• Entries provided
Definition strongly_convex {X : Hilbert} (mu : R) (f : X -> R) : Prop :=
  convex_real (fun x => f x - mu / 2 * hnorm x ^ 2).

Definition is_frechet_gradient {X : Hilbert} (f : X -> R) (gradf : X -> X) : Prop :=
  forall x eps, 0 < eps -> exists d, 0 < d /\ forall h : X, hnorm h < d ->
    Rabs (f (hadd x h) - f x - hinner (gradf x) h) <= eps * hnorm h.

Definition lipschitz {X : Hilbert} (beta : R) (F : X -> X) : Prop :=
  forall x y, hnorm (hsub (F x) (F y)) <= beta * hnorm (hsub x y).

Definition is_argmin_sum {X : Hilbert} (f : X -> R) (g : X -> ERext) (x : X) : Prop :=
  in_dom g x /\ forall y, ele (eplus (g x) (f x)) (eplus (g y) (f y)).

Definition is_prox_point {X : Hilbert} (gamma : R) (g : X -> ERext) (x p : X) : Prop :=
  is_argmin_sum (fun y => / (2 * gamma) * hnorm (hsub x y) ^ 2) g p.

(** prox_{gamma g}(x): the minimizer (unique when gamma*omega < 1, see paper) *)
Definition prox {X : Hilbert} (gamma : R) (g : X -> ERext) (x : X) : X :=
  epsilon (inhabits hzero) (fun p => is_prox_point gamma g x p).

Definition fb_op {X : Hilbert} (gamma : R) (g : X -> ERext) (gradf : X -> X) (x : X) : X :=
  prox gamma g (hsub x (hscal gamma (gradf x))).

Definition weak_cv {X : Hilbert} (u : nat -> X) (l : X) : Prop :=
  forall y : X, Un_cv (fun n => hinner (u n) y) (hinner l y).

Definition strong_cv {X : Hilbert} (u : nat -> X) (l : X) : Prop :=
  Un_cv (fun n => hnorm (hsub (u n) l)) 0.

(* The forward step [x |-> x - gamma grad f x] is [(1 - gamma mu)]-Lipschitz,
   because [grad f - mu Id] is [1/beta]-cocoercive (Baillon-Haddad).  For an
   [omega]-hypoconvex [g], the optimality conditions of two proximal problems
   give [(1 - gamma omega) |p - q|^2 <= <u - v, p - q>] for [p = prox u] and
   [q = prox v].  Hence [T] is a [delta]-contraction, which gives the linear
   rate when [mu > omega]; since [mu >= omega], first-order conditions are
   sufficient and the fixed points of [T] are exactly the minimizers.  When
   [mu = omega], combining the two inequalities shows that [T] is averaged,
   and the Krasnosel'skii-Mann argument (Fejer monotonicity, asymptotic
   regularity, demiclosedness of [Id - T]) gives weak convergence.  Weak
   compactness of bounded sets is replaced by the fact that a bounded sequence
   has a point in the closed convex hull of each of its tails: the minimal-norm
   points of these nested hulls form a Cauchy sequence.  The prox exists for
   the same reason: minimizing sequences of the [(1/gamma - omega)]-strongly
   convex proximal objective are Cauchy. *)
From Stdlib Require Import Reals Lra Psatz ClassicalEpsilon Classical Lia.
Open Scope R_scope.

Lemma le_of_le_add_eps (a b K : R) : (forall e, 0 < e <= 1 -> a <= b + e * K) -> a <= b.
Proof.
  intro H. destruct (Rle_dec a b) as [|Hn]; [assumption|].
  exfalso. assert (HK := Rabs_pos K).
  set (e := Rmin 1 ((a - b) / (2 * (Rabs K + 1)))).
  assert (He0 : 0 < (a - b) / (2 * (Rabs K + 1))) by (apply Rdiv_lt_0_compat; lra).
  assert (He : 0 < e <= 1) by (unfold e; split; [apply Rmin_glb_lt; lra| apply Rmin_l]).
  specialize (H e He).
  assert (e * K <= e * Rabs K) by (apply Rmult_le_compat_l; [lra| apply Rle_abs]).
  assert (e <= (a - b) / (2 * (Rabs K + 1))) by apply Rmin_r.
  assert (e * (Rabs K + 1) <= (a - b) / 2).
  { apply Rle_trans with ((a - b) / (2 * (Rabs K + 1)) * (Rabs K + 1)).
    - apply Rmult_le_compat_r; lra.
    - right. field. lra. }
  nra.
Qed.

Lemma nonpos_of_pos_mul_nonpos (t Z : R) : 0 < t -> t * Z <= 0 -> Z <= 0.
Proof. intros. nra. Qed.

Lemma Rabs_le_inv (a b : R) : Rabs a <= b -> - b <= a <= b.
Proof. unfold Rabs; destruct (Rcase_abs a); intros; lra. Qed.

Lemma lt_mul_div_succ (e a : R) : 0 < e -> 0 <= a -> e * (a / (a + 1)) < e.
Proof.
  intros He Ha. assert (a / (a + 1) < 1).
  { apply Rmult_lt_reg_r with (a + 1); [lra|].
    unfold Rdiv; rewrite Rmult_assoc, Rinv_l by lra. lra. }
  nra.
Qed.

Lemma inf_exists (E : R -> Prop) m0 : (exists v, E v) -> (forall v, E v -> m0 <= v) ->
  exists m, (forall v, E v -> m <= v) /\ (forall m', m < m' -> exists v, E v /\ v < m').
Proof.
  intros [v0 Hv0] Hlb.
  destruct (completeness (fun w => E (- w))) as [l [Hub Hl]].
  - exists (- m0). intros w Hw. specialize (Hlb _ Hw). lra.
  - exists (- v0). rewrite Ropp_involutive. exact Hv0.
  - exists (- l). split.
    + intros v Hv. assert (Hv' : E (- - v)) by (rewrite Ropp_involutive; exact Hv).
      specialize (Hub _ Hv'). lra.
    + intros m' Hm'. apply NNPP. intro Hn.
      assert (Hb : is_upper_bound (fun w => E (- w)) (- m')).
      { intros w Hw. destruct (Rle_dec w (- m')) as [|Hw']; [assumption|].
        exfalso. apply Hn. exists (- w). split; [exact Hw| lra]. }
      specialize (Hl _ Hb). lra.
Qed.

Lemma inv_succ_pos (n : nat) : 0 < / (INR n + 1).
Proof. apply Rinv_0_lt_compat. assert (0 <= INR n) by apply pos_INR. lra. Qed.

Lemma inv_succ_le (n N : nat) : (N <= n)%nat -> / (INR n + 1) <= / (INR N + 1).
Proof.
  intro H. apply Rinv_le_contravar.
  - assert (0 <= INR N) by apply pos_INR. lra.
  - apply le_INR in H. lra.
Qed.

Lemma exists_inv_succ_lt (e : R) : 0 < e -> exists N, / (INR N + 1) < e.
Proof.
  intro He. destruct (archimed_cor1 e He) as [N [HN HN0]]. exists N.
  eapply Rle_lt_trans; [|exact HN]. apply Rinv_le_contravar.
  - apply lt_0_INR. exact HN0.
  - lra.
Qed.

Section InnerProduct.
Context {X : Hilbert}.
Implicit Types x y z u v w : X.

Lemma hinner_zero_l y : hinner hzero y = 0.
Proof. assert (H := hinner_add_l X hzero hzero y). rewrite hadd_zero in H. lra. Qed.

Lemma hinner_opp_l x y : hinner (hopp x) y = - hinner x y.
Proof.
  assert (H := hinner_add_l X x (hopp x) y). rewrite hadd_opp, hinner_zero_l in H. lra.
Qed.

Lemma hinner_add_r x y z : hinner x (hadd y z) = hinner x y + hinner x z.
Proof. rewrite hinner_sym, hinner_add_l, (hinner_sym X y), (hinner_sym X z). reflexivity. Qed.

Lemma hinner_scal_r a x y : hinner x (hscal a y) = a * hinner x y.
Proof. rewrite hinner_sym, hinner_scal_l, (hinner_sym X y). reflexivity. Qed.

Lemma hinner_opp_r x y : hinner x (hopp y) = - hinner x y.
Proof. rewrite hinner_sym, hinner_opp_l, (hinner_sym X y). reflexivity. Qed.

Lemma hinner_zero_r y : hinner y hzero = 0.
Proof. rewrite hinner_sym. apply hinner_zero_l. Qed.

Lemma hinner_sub_l x y z : hinner (hsub x y) z = hinner x z - hinner y z.
Proof. unfold hsub. rewrite hinner_add_l, hinner_opp_l. ring. Qed.

Lemma hinner_sub_r x y z : hinner z (hsub x y) = hinner z x - hinner z y.
Proof. unfold hsub. rewrite hinner_add_r, hinner_opp_r. ring. Qed.

End InnerProduct.

Ltac hinner_expand := repeat (rewrite ?hinner_sub_l, ?hinner_sub_r, ?hinner_add_l,
   ?hinner_add_r, ?hinner_scal_l, ?hinner_scal_r, ?hinner_opp_l, ?hinner_opp_r,
   ?hinner_zero_l, ?hinner_zero_r).
Ltac hinner_expand_in H := repeat (rewrite ?hinner_sub_l, ?hinner_sub_r, ?hinner_add_l,
   ?hinner_add_r, ?hinner_scal_l, ?hinner_scal_r, ?hinner_opp_l, ?hinner_opp_r,
   ?hinner_zero_l, ?hinner_zero_r in H).

Section Norm.
Context {X : Hilbert}.
Implicit Types x y z u v w : X.

Lemma hsub_eq0 x y : hsub x y = hzero -> x = y.
Proof.
  unfold hsub; intro H.
  rewrite <- (hadd_zero X x), <- (hadd_opp X y), (hadd_comm X y), hadd_assoc, H,
    hadd_comm, hadd_zero. reflexivity.
Qed.

Lemma hilbert_ext x y : (forall w, hinner x w = hinner y w) -> x = y.
Proof. intro H. apply hsub_eq0, hinner_def. rewrite hinner_sub_l, !H. ring. Qed.

Lemma hinner_sub_self_eq0 x y : hinner (hsub x y) (hsub x y) = 0 -> x = y.
Proof. intro H. apply hsub_eq0, hinner_def, H. Qed.

Lemma hsub_self x : hsub x x = hzero.
Proof. apply hadd_opp. Qed.

Lemma hinner_sub_sym x y : hinner (hsub x y) (hsub x y) = hinner (hsub y x) (hsub y x).
Proof. hinner_expand. rewrite (hinner_sym X y x). ring. Qed.

Lemma hinner_sub_split z a b : hinner (hsub z b) (hsub z b) =
  hinner (hsub z a) (hsub z a) + 2 * hinner (hsub z a) (hsub a b) + hinner (hsub a b) (hsub a b).
Proof. hinner_expand. rewrite ?(hinner_sym X a z), ?(hinner_sym X b z), ?(hinner_sym X b a). ring. Qed.

Lemma hinner_sub_le x y : hinner (hsub x y) (hsub x y) <= 2 * hinner x x + 2 * hinner y y.
Proof.
  assert (H := hinner_pos _ (hadd x y)). hinner_expand_in H. hinner_expand.
  rewrite (hinner_sym X y x) in *. lra.
Qed.

Lemma hnorm_sq x : hnorm x ^ 2 = hinner x x.
Proof. unfold hnorm. rewrite pow2_sqrt; [reflexivity| apply hinner_pos]. Qed.

Lemma hnorm_ge0 x : 0 <= hnorm x.
Proof. unfold hnorm. apply sqrt_pos. Qed.

Lemma hnorm_scal t x : hnorm (hscal t x) = Rabs t * hnorm x.
Proof.
  unfold hnorm. hinner_expand.
  replace (t * (t * hinner x x)) with (Rsqr t * hinner x x) by (unfold Rsqr; ring).
  rewrite sqrt_mult; [| apply Rle_0_sqr| apply hinner_pos].
  rewrite sqrt_Rsqr_abs. reflexivity.
Qed.

Lemma hnorm_le_of_sq x e : 0 <= e -> hinner x x <= e ^ 2 -> hnorm x <= e.
Proof. intros He H. unfold hnorm. rewrite <- (sqrt_pow2 e He). apply sqrt_le_1_alt, H. Qed.

Lemma hnorm_lt_of_sq x e : 0 <= e -> hinner x x < e ^ 2 -> hnorm x < e.
Proof.
  intros He H. unfold hnorm. rewrite <- (sqrt_pow2 e He). apply sqrt_lt_1_alt.
  split; [apply hinner_pos| exact H].
Qed.

Lemma hnorm_le_1_add_sq x : hnorm x <= 1 + hinner x x.
Proof. assert (H := hinner_pos _ x). apply hnorm_le_of_sq; nra. Qed.

Lemma cauchy_schwarz_sq x y : hinner x y ^ 2 <= hinner x x * hinner y y.
Proof.
  destruct (Req_dec (hinner y y) 0) as [H0|H0].
  - apply hinner_def in H0. subst. rewrite !hinner_zero_r. simpl. lra.
  - assert (Hp : 0 < hinner y y) by (assert (H := hinner_pos _ y); lra).
    set (t := hinner x y / hinner y y).
    assert (H := hinner_pos _ (hsub x (hscal t y))).
    hinner_expand_in H. rewrite (hinner_sym X y x) in H.
    unfold t in H. field_simplify in H; [|lra].
    unfold Rdiv in H; apply Rmult_le_compat_r with (r := hinner y y) in H; [| lra].
    rewrite Rmult_0_l, Rmult_assoc, Rinv_l, Rmult_1_r in H; lra.
Qed.

Lemma cauchy_schwarz x y : Rabs (hinner x y) <= hnorm x * hnorm y.
Proof.
  unfold hnorm. rewrite <- sqrt_mult by apply hinner_pos.
  rewrite <- sqrt_Rsqr_abs. apply sqrt_le_1_alt. unfold Rsqr.
  assert (H := cauchy_schwarz_sq x y). simpl in H. lra.
Qed.

Lemma hinner_le_hnorm x y : hinner x y <= hnorm x * hnorm y.
Proof. eapply Rle_trans; [apply Rle_abs| apply cauchy_schwarz]. Qed.

Lemma hinner_young x y beta : 0 < beta -> hinner x y <= hinner x x / beta + beta / 4 * hinner y y.
Proof.
  intro Hb. assert (H := hinner_pos _ (hsub (hscal (2 / beta) x) y)).
  hinner_expand_in H. rewrite (hinner_sym X y x) in H.
  apply Rmult_le_compat_l with (r := beta / 4) in H; [|lra].
  replace (beta / 4 * (2 / beta * (2 / beta * hinner x x) - 2 / beta * hinner x y
                       - (2 / beta * hinner x y - hinner y y)))
    with (hinner x x / beta - hinner x y + beta / 4 * hinner y y) in H by (field; lra).
  lra.
Qed.

Lemma hnorm_sq_sub_diff u p y :
  Rabs (hnorm (hsub u y) ^ 2 - hnorm (hsub u p) ^ 2) <=
  hnorm (hsub y p) ^ 2 + 2 * hnorm (hsub u p) * hnorm (hsub y p).
Proof.
  assert (E : hnorm (hsub u y) ^ 2 - hnorm (hsub u p) ^ 2 =
              hnorm (hsub y p) ^ 2 - 2 * hinner (hsub u p) (hsub y p)).
  { rewrite !hnorm_sq. hinner_expand.
    rewrite ?(hinner_sym X y u), ?(hinner_sym X p u), ?(hinner_sym X y p). ring. }
  rewrite E. assert (H := cauchy_schwarz (hsub u p) (hsub y p)). apply Rabs_le_inv in H.
  assert (0 <= hnorm (hsub y p) ^ 2) by apply pow2_ge_0.
  apply Rabs_le; lra.
Qed.

Lemma segment_eq x y t :
  hadd (hscal t y) (hscal (1 - t) x) = hadd x (hscal t (hsub y x)).
Proof. apply hilbert_ext; intro w; hinner_expand; ring. Qed.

• Activity
Take the line above containing "Lemma hinner_zero_l y : hinner hzero y = 0.", the line containing "End InnerProduct.", and all lines in between, and copy them exactly without anything else.

• Your solution
Lemma hinner_zero_l y : hinner hzero y = 0.
Proof. assert (H := hinner_add_l X hzero hzero y). rewrite hadd_zero in H. lra. Qed.

Lemma hinner_opp_l x y : hinner (hopp x) y = - hinner x y.
Proof.
  assert (H := hinner_add_l X x (hopp x) y). rewrite hadd_opp, hinner_zero_l in H. lra.
Qed.

Lemma hinner_add_r x y z : hinner x (hadd y z) = hinner x y + hinner x z.
Proof. rewrite hinner_sym, hinner_add_l, (hinner_sym X y), (hinner_sym X z). reflexivity. Qed.

Lemma hinner_scal_r a x y : hinner x (hscal a y) = a * hinner x y.
Proof. rewrite hinner_sym, hinner_scal_l, (hinner_sym X y). reflexivity. Qed.

Lemma hinner_opp_r x y : hinner x (hopp y) = - hinner x y.
Proof. rewrite hinner_sym, hinner_opp_l, (hinner_sym X y). reflexivity. Qed.

Lemma hinner_zero_r y : hinner y hzero = 0.
Proof. rewrite hinner_sym. apply hinner_zero_l. Qed.

Lemma hinner_sub_l x y z : hinner (hsub x y) z = hinner x z - hinner y z.
Proof. unfold hsub. rewrite hinner_add_l, hinner_opp_l. ring. Qed.

Lemma hinner_sub_r x y z : hinner z (hsub x y) = hinner z x - hinner z y.
Proof. unfold hsub. rewrite hinner_add_r, hinner_opp_r. ring. Qed.

End InnerProduct.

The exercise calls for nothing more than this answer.